La majorité des connexions en provenance du LGN aboutissent dans l’aire visuelle primaire V1. A noter que parallèlement, des projections du LGN vers le colliculus supérieur et le pulvinar ont été mis en évidence et serviraient à guider l’attention et l’action (Grieve, Acuna & Cudeiro, 2000). Par diverses études menées chez le chat (aire 17) et chez le singe (V1), Hubel et Wiesel furent les premiers à caractériser de manière approfondie les neurones de la première aire visuelle corticale (Hubel & Wiesel, 1959, Hubel & Wiesel, 1962, Hubel & Wiesel, 1968) leurs donnant le nom de « bar-detectors ». Contrairement aux cellules de la rétine ou du LGN, les cellules de V1 répondent de manière sélective à la présentation dans leurs champs récepteurs, de barres orientées selon un angle spécifique. La majorité de ces neurones sont sensibles à la couleur, à l’orientation et aux fréquences spatiales (Bullier & Nowak, 1995, Leventhal, Thompson, Liu, Zhou & Ault, 1995). Ils sont binoculaires (et donc sensibles à la disparité), et leurs réponses pourraient être influencées par la direction du regard (Trotter & Celebrini, 1999). Leurs champs récepteurs de 1° en moyenne sont divisés en sous- régions excitatrices et inhibitrices. On constate au sein de V1 plusieurs types de cellules : les cellules simples et les cellules complexes. Alors que les cellules simples ont des champs récepteurs organisés en subdivision centre/pourtour et effectuent une sommation linéaire du signal, les cellules complexes quant à elles permettent une intégration non-linéaire du signal et sont les premières cellules à démontrer une invariance à la position du stimulus. La réponse des cellules de V1 est de plus influencée par les stimuli présents à l’extérieur du champ récepteur, incluant ainsi des effets de facilitation colinéaire et d’inhibition latérale (Allman, Miezin & McGuinness, 1985, Knierim & Van Essen, 1992, Sillito, Grieve, Jones, Cudeiro & Davis, 1995). De manière générale, des régions voisines d’une image contiennent des orientations colinéaires (Sigman, Cecchi, Gilbert & Magnasco, 2001). Ainsi, si deux champs récepteurs proches s’activent à la présence de traits physiques colinéaires, il y a de fortes chances qu’entre les deux régions de l’image traitée, il y ait également présence de traits colinéaires. Le contour des champs récepteurs en V1 pourrait donc recevoir des informations des connexions latérales allant dans ce sens (Gilbert, Sigman & Crist, 2001). Ce réseau de

connexions verticales et horizontales seraient en fait globalement organisé « en colonnes corticales » (Figure 9). Les neurones seraient regroupés en fonction de leur orientation préférée et en fonction de la position de leur champ récepteur dans le champ visuel. Entre ces colonnes d’orientation se trouveraient des « blobs » transmettant les informations de couleurs.

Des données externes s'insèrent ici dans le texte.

Inductive lel_thm : form -> Prop :=
| ThAx f : wf f -> lel_axiom f -> lel_thm f
| ThMP f g : lel_thm f -> lel_thm (FImp f g) -> lel_thm g
| ThNec a : fv a = fset0 -> lel_thm a -> lel_thm (FK fset0 a)
| ThAs x a f : lel_thm f -> lel_thm (FAs x a f).

Inductive anf : form -> Prop :=
| AnfPred x a p : anf (FAs x a (FPred p x))
| AnfBot x a : anf (FAs x a FBot)
| AnfTop : anf FTop
| AnfNeg g : anf g -> anf (FNeg g)
| AnfAnd g h : anf g -> anf h -> anf (FAnd g h)
| AnfK s g : anf g -> anf (vAs s (vK s g)).

End LEL.

Arguments FTop {A X P}.
Arguments FBot {A X P}.

(* Assignments are pushed inwards.  Each operator [x:=a] is a normal box
   (distribution and necessitation) that is functional (<x:=a>f -> [x:=a]f)
   and vacuous on formulas without free x; hence, up to the disjunct
   [x:=a]_|_, it commutes with negation and conjunction and can be dropped in
   front of a formula not mentioning x.  So if the string s assigns every free
   variable of phi, then [s]phi is equivalent to [s]_|_ \/ [s']phi, where s'
   keeps only the last assignment of s to each free variable of phi.  By
   induction on phi this gives [s]phi an equivalent in assignment normal form:
   [s]_|_ is a disjunction of formulas [y:=b]_|_, an atom p_x leaves
   [x:=a]p_x, and K_Y alpha, once the sentence alpha is replaced by its normal
   form gamma, leaves [s']K_Y gamma, where s' assigns exactly the variables of
   Y. *)

From Pilot Require Import Defs.
From HB Require Import structures.
From mathcomp Require Import all_boot.
From mathcomp Require Import finmap.

Set Implicit Arguments.
Unset Strict Implicit.
Unset Printing Implicit Defensive.
Local Open Scope fset_scope.

Section NormalForm.
Variables (A : finType) (X P : countType).
Notation formula := (form A X P).
Notation thm := (@lel_thm A X P).
Implicit Types (s : seq (X * A)) (f g h : formula).

Definition FOr f g : formula := FNeg (FAnd (FNeg f) (FNeg g)).

Lemma thm_wf f : thm f -> wf f.
Proof.
elim=> {f} [f Wf _ | f g _ _ _ /andP[_ Wg] | f Ff _ Wf | y b f _ Wf] //=.
by rewrite Wf Ff eqxx.
Qed.

Ltac unfold_connectives := cbv delta [FIff FImp FOr FDia FBot]; simpl.

(* [Defs.tval] is qualified because [tval] also names the tuple projection. *)
Ltac decide_tautology :=
  let v := fresh "v" in
  move=> v; unfold_connectives;
  repeat match goal with
         | |- context [Defs.tval v ?f] => case: (Defs.tval v f)
         | |- context [v ?f] => case: (v f)
         end; done.

Ltac wf_auto :=
  unfold_connectives;
  repeat match goal with H : thm _ |- _ => move/thm_wf: H; unfold_connectives => ? end;
  repeat match goal with H : is_true (_ && _) |- _ => case/andP: H => ? ? end;
  repeat (apply/andP; split); done.

Lemma thm_taut f : wf f -> tautology f -> thm f.
Proof. by move=> Wf Tf; apply: ThAx Wf (AxTaut Tf). Qed.

Ltac prove_tautology := apply: thm_taut; [wf_auto | decide_tautology].

Lemma thm_taut_mp f g : thm f -> wf g -> tautology (FImp f g) -> thm g.
Proof.
move=> Hf Wg T; apply: (ThMP Hf); apply: thm_taut T.
by rewrite /= (thm_wf Hf) Wg.
Qed.

Lemma thm_and f g : thm f -> thm g -> thm (FAnd f g).
Proof.
move=> Hf Hg; apply: (ThMP Hg); apply: (ThMP Hf).
by prove_tautology.
Qed.

Ltac follows_from H := apply: (thm_taut_mp H); [wf_auto | decide_tautology].

Lemma iff_trans f g h : thm (FIff f g) -> thm (FIff g h) -> thm (FIff f h).
Proof. by move=> Hfg Hgh; follows_from (thm_and Hfg Hgh). Qed.

Section Assignment.
Variables (x : X) (a : A).
Local Notation box := (FAs x a).

Lemma box_dist f g : wf f -> wf g ->
  thm (FImp (box (FImp f g)) (FImp (box f) (box g))).
Proof. by move=> Wf Wg; apply: ThAx (AxAsDist _ _ _ _); rewrite /= Wf Wg. Qed.

Lemma box_mono f g : thm (FImp f g) -> thm (FImp (box f) (box g)).
Proof.
move=> Hfg; have /andP[Wf Wg] := thm_wf Hfg.
exact: ThMP (ThAs x a Hfg) (box_dist Wf Wg).
Qed.

Lemma box_mono2 f g h : thm (FImp f (FImp g h)) ->
  thm (FImp (box f) (FImp (box g) (box h))).
Proof.
move=> Hfgh; have /andP[_ /andP[Wg Wh]] := thm_wf Hfgh.
have Hf := box_mono Hfgh; have Hdist := box_dist Wg Wh.
by follows_from (thm_and Hf Hdist).
Qed.

Lemma box_congr f g : thm (FIff f g) -> thm (FIff (box f) (box g)).
Proof.
move=> Hfg.
have /box_mono Hf : thm (FImp f g) by follows_from Hfg.
have /box_mono Hg : thm (FImp g f) by follows_from Hfg.
by follows_from (thm_and Hf Hg).
Qed.

Lemma box_functional f : wf f -> thm (FImp (FNeg (box f)) (box (FNeg f))).
Proof.
move=> Wf.
have Hfun : thm (FImp (FDia x a (FNeg f)) (box (FNeg f))).
  by apply: ThAx (AxAsFun _ _ _); wf_auto.
have /box_mono Hnn : thm (FImp (FNeg (FNeg f)) f).
  by prove_tautology.
by follows_from (thm_and Hfun Hnn).
Qed.

Lemma box_and f g : wf f -> wf g ->
  thm (FIff (box (FAnd f g)) (FAnd (box f) (box g))).
Proof.
move=> Wf Wg.
have /box_mono Hl : thm (FImp (FAnd f g) f) by prove_tautology.
have /box_mono Hr : thm (FImp (FAnd f g) g) by prove_tautology.
have /box_mono2 Hpair : thm (FImp f (FImp g (FAnd f g))).
  by prove_tautology.
by follows_from (thm_and Hl (thm_and Hr Hpair)).
Qed.

Lemma box_neg f : wf f -> thm (FIff (box (FNeg f)) (FOr (box FBot) (FNeg (box f)))).
Proof.
move=> Wf.
have /box_mono2 Hcontra : thm (FImp (FNeg f) (FImp f FBot)).
  by prove_tautology.
have /box_mono Hbot : thm (FImp FBot (FNeg f)) by prove_tautology.
have Hfun := box_functional Wf.
by follows_from (thm_and Hcontra (thm_and Hbot Hfun)).
Qed.

Lemma box_or f g : wf f -> wf g -> thm (FIff (box (FOr f g)) (FOr (box f) (box g))).
Proof.
move=> Wf Wg.
have /box_mono Hl : thm (FImp f (FOr f g)) by prove_tautology.
have /box_mono Hr : thm (FImp g (FOr f g)) by prove_tautology.
have /box_mono2 Hcases : thm (FImp (FOr f g) (FImp (FNeg f) g)).
  by prove_tautology.
have Hfun := box_functional Wf.
by follows_from (thm_and Hl (thm_and Hr (thm_and Hcases Hfun))).
Qed.

Lemma box_vacuous f : wf f -> x \notin fv f -> thm (FIff (box f) (FOr (box FBot) f)).
Proof.
move=> Wf xNf.
have Hpos : thm (FImp f (box f)) by apply: ThAx; [wf_auto | exact: AxAsVac].
have Hneg : thm (FImp (FNeg f) (box (FNeg f))) by apply: ThAx; [wf_auto | exact: AxAsVac].
have /box_mono Hbot : thm (FImp FBot f) by prove_tautology.
have /box_mono2 Hcontra : thm (FImp (FNeg f) (FImp f FBot)).
  by prove_tautology.
by follows_from (thm_and Hpos (thm_and Hneg (thm_and Hbot Hcontra))).
Qed.

End Assignment.

Lemma mem_vars_of z s : (z \in vars_of s) = (z \in map fst s).
Proof. by apply/imfsetP/mapP => [[p Hp ->] | [p Hp ->]]; exists p. Qed.

Lemma vars_of_rcons s y b : vars_of (rcons s (y, b)) = y |` vars_of s.
Proof.
by apply/fsetP => z; rewrite in_fset1U !mem_vars_of map_rcons mem_rcons in_cons.
Qed.

Lemma wf_vAs s f : wf (vAs s f) = wf f.
Proof. by elim: s => [|[y b] s IH]. Qed.

Lemma fv_vAs s f : fv (vAs s f) = fv f `\` vars_of s.
Proof.
elim: s => [|[y b] s IH] /=; apply/fsetP => z.
  by rewrite in_fsetD mem_vars_of.
by rewrite IH in_fsetD1 !in_fsetD !mem_vars_of /= in_cons; case: (z == y).
Qed.

Lemma wf_vAs_bot s : wf (vAs s FBot : formula).
Proof. by rewrite wf_vAs. Qed.

Lemma fv_vAs_bot s : fv (vAs s FBot : formula) = fset0.
Proof. by apply/fsetP => z; rewrite fv_vAs in_fsetD in_fset0 andbF. Qed.

Lemma vAs_rcons s y b f : vAs (rcons s (y, b)) f = vAs s (FAs y b f).
Proof. by elim: s => [|[z c] s IH] //=; rewrite IH. Qed.

Lemma vAs_congr s f g : thm (FIff f g) -> thm (FIff (vAs s f) (vAs s g)).
Proof. by elim: s => [|[y b] s IH] //= Hfg; apply/box_congr/IH. Qed.

Lemma vAs_and s f g : wf f -> wf g ->
  thm (FIff (vAs s (FAnd f g)) (FAnd (vAs s f) (vAs s g))).
Proof.
move=> Wf Wg; elim: s => [|[y b] s IH] /=; first by prove_tautology.
by apply: iff_trans (box_congr y b IH) _; apply: box_and; rewrite wf_vAs.
Qed.

Lemma vAs_neg s f : wf f ->
  thm (FIff (vAs s (FNeg f)) (FOr (vAs s FBot) (FNeg (vAs s f)))).
Proof.
move=> Wf; elim: s => [|[y b] s IH] /=; first by prove_tautology.
have Hcongr := box_congr y b IH.
have Wsf : wf (vAs s f) by rewrite wf_vAs.
have Hor := @box_or y b (vAs s FBot) (FNeg (vAs s f)) (wf_vAs_bot s) Wsf.
have Hneg := box_neg y b Wsf.
have /(box_mono y b) Hbot : thm (FImp FBot (vAs s FBot)).
  by prove_tautology.
by follows_from (thm_and Hcongr (thm_and Hor (thm_and Hneg Hbot))).
Qed.

Fixpoint last_assigns (Y : {fset X}) s : seq (X * A) :=
  if s is (y, b) :: s' then
    if (y \in Y) && (y \notin vars_of s') then (y, b) :: last_assigns Y s'
    else last_assigns Y s'
  else [::].

Lemma mem_last_assigns Y s z :
  (z \in map fst (last_assigns Y s)) = (z \in Y) && (z \in map fst s).
Proof.
elim: s => [|[y b] s IH] /=; first by rewrite andbF.
rewrite in_cons; case: ifP => Hy; rewrite /= ?in_cons IH;
  case: (eqVneq z y) => [->|] //=; move: Hy; rewrite mem_vars_of;
  by case: (y \in Y); case: (y \in map fst s).
Qed.

Lemma vars_last_assigns Y s : Y `<=` vars_of s -> vars_of (last_assigns Y s) = Y.
Proof.
move=> /fsubsetP sub; apply/fsetP => z; rewrite mem_vars_of mem_last_assigns -mem_vars_of.
by case Hz: (z \in Y) => //=; apply: sub.
Qed.

Lemma last_assigns_fset1 x s :
  x \in map fst s -> exists a, last_assigns [fset x] s = [:: (x, a)].
Proof.
elim: s => [|[y b] s IH] //=; rewrite in_cons.
case Hx: (x \in map fst s).
  move=> _; have [a Ha] := IH Hx; exists a.
  suff -> : (y \in [fset x]) && (y \notin vars_of s) = false by [].
  by rewrite in_fset1 mem_vars_of; case: eqP => //= ->; rewrite Hx.
rewrite orbF /= => /eqP xy; subst x; exists b.
rewrite in_fset1 eqxx mem_vars_of Hx /=.
case E: (last_assigns [fset y] s) => [|p r] //.
have : p.1 \in map fst (last_assigns [fset y] s) by rewrite E /= in_cons eqxx.
by rewrite mem_last_assigns in_fset1 => /andP[/eqP ->]; rewrite Hx.
Qed.

Lemma vAs_last_assigns s f : wf f ->
  thm (FIff (vAs s f) (FOr (vAs s FBot) (vAs (last_assigns (fv f) s) f))).
Proof.
move=> Wf; elim: s => [|[y b] s IH] /=; first by prove_tautology.
have Wsf : wf (vAs s f) by rewrite wf_vAs.
case: ifP => [_ | Hy] /=.
  by apply: iff_trans (box_congr y b IH) _; apply: box_or; rewrite ?wf_vAs.
have yNsf : y \notin fv (vAs s f).
  by rewrite fv_vAs in_fsetD; move: Hy; case: (y \in fv f); case: (y \in vars_of s).
have yNsbot : y \notin fv (vAs s FBot : formula) by rewrite fv_vAs_bot.
have Hf := box_vacuous b Wsf yNsf.
have Hbot := box_vacuous b (wf_vAs_bot s) yNsbot.
by follows_from (thm_and Hf (thm_and IH Hbot)).
Qed.

Lemma K_mono Y f g : fv f = fset0 -> fv g = fset0 -> thm (FImp f g) ->
  thm (FImp (FK Y f) (FK Y g)).
Proof.
move=> Ff Fg Hfg; have /andP[Wf Wg] : wf f && wf g := thm_wf Hfg.
have Ffg : fv (FImp f g) = fset0 by rewrite /= Ff Fg fsetU0.
have K0 := ThNec Ffg Hfg.
have KY : thm (FImp (FK fset0 (FImp f g)) (FK Y (FImp f g))).
  apply: ThAx; last exact: AxKmono (fsub0set Y).
  by rewrite /= Wf Wg Ff Fg fsetU0 eqxx.
have Kdist : thm (FImp (FK Y (FImp f g)) (FImp (FK Y f) (FK Y g))).
  by apply: ThAx (AxKdist Y f g); rewrite /= Wf Wg Ff Fg fsetU0 eqxx.
by follows_from (thm_and K0 (thm_and KY Kdist)).
Qed.

Lemma K_congr Y f g : fv f = fset0 -> fv g = fset0 -> thm (FIff f g) ->
  thm (FIff (FK Y f) (FK Y g)).
Proof.
move=> Ff Fg Hfg.
have /(K_mono Y Ff Fg) Hl : thm (FImp f g) by follows_from Hfg.
have /(K_mono Y Fg Ff) Hr : thm (FImp g f) by follows_from Hfg.
by follows_from (thm_and Hl Hr).
Qed.

Lemma anf_sentence g : anf g -> sentence g.
Proof.
rewrite /sentence; elim=> {g} [x a p | x a | | g _ [Wg Fg]
  | g h _ [Wg Fg] _ [Wh Fh] | s g _ [Wg Fg]] /=.
- by split=> //; apply/fsetP => z; rewrite in_fsetD1 in_fset1 in_fset0 andNb.
- by split=> //; apply/fsetP => z; rewrite in_fsetD1 in_fset0 andbF.
- by [].
- by [].
- by rewrite Wg Wh Fg Fh fsetU0.
- by rewrite wf_vAs fv_vAs /= Wg Fg eqxx fsetDv.
Qed.

Definition has_anf f := exists2 gamma, anf gamma & thm (FIff f gamma).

Figure n°9 : Représentation des colonnes d’orientations Tiré de(Bear, Connors & Paradiso, 2002)

L’information visuelle traitée par les neurones de V1 va alors transiter majoritairement via les projections axonales en direction de l’aire hiérarchique supérieure suivante V2 (Cragg, 1969, Zeki, 1969). On note cependant des projections des cellules M de V1 (IVb) en direction de l’aire MT (Lund, Lund, Hendrickson, Bunt & Fuchs, 1975), de l’aire V3, et du colliculus supérieur (V ; Schiller, Malpeli & Schein, 1979), ainsi que des connexions feedback (VI) projetant sur le LGN (Lund, Henry, MacQueen & Harvey, 1979).

Aire visuelle secondaire V2

Les neurones de V2, première aire visuelle extra-striée, sont organisés en bandes corticales (fines, épaisses, et interbandes) et ont des champs récepteurs plus grands que les cellules de V1. Si la plupart montre une sélectivité à l’orientation similaire aux neurones de V1 (Zeki, 1978), d’autres sont déjà spécifiques à des formes locales comme des coins ou des lignes courbes.

L’aire visuelle V2 représente la dernière aire visuelle avant la séparation des voies ventrales et dorsales communément appelées voies « What » et « Where ». Les neurones de V2 vont ainsi projeter sur l’aire visuelle V4 et les aires V3 et MT, représentant respectivement les premières aires des voies ventrale et dorsale.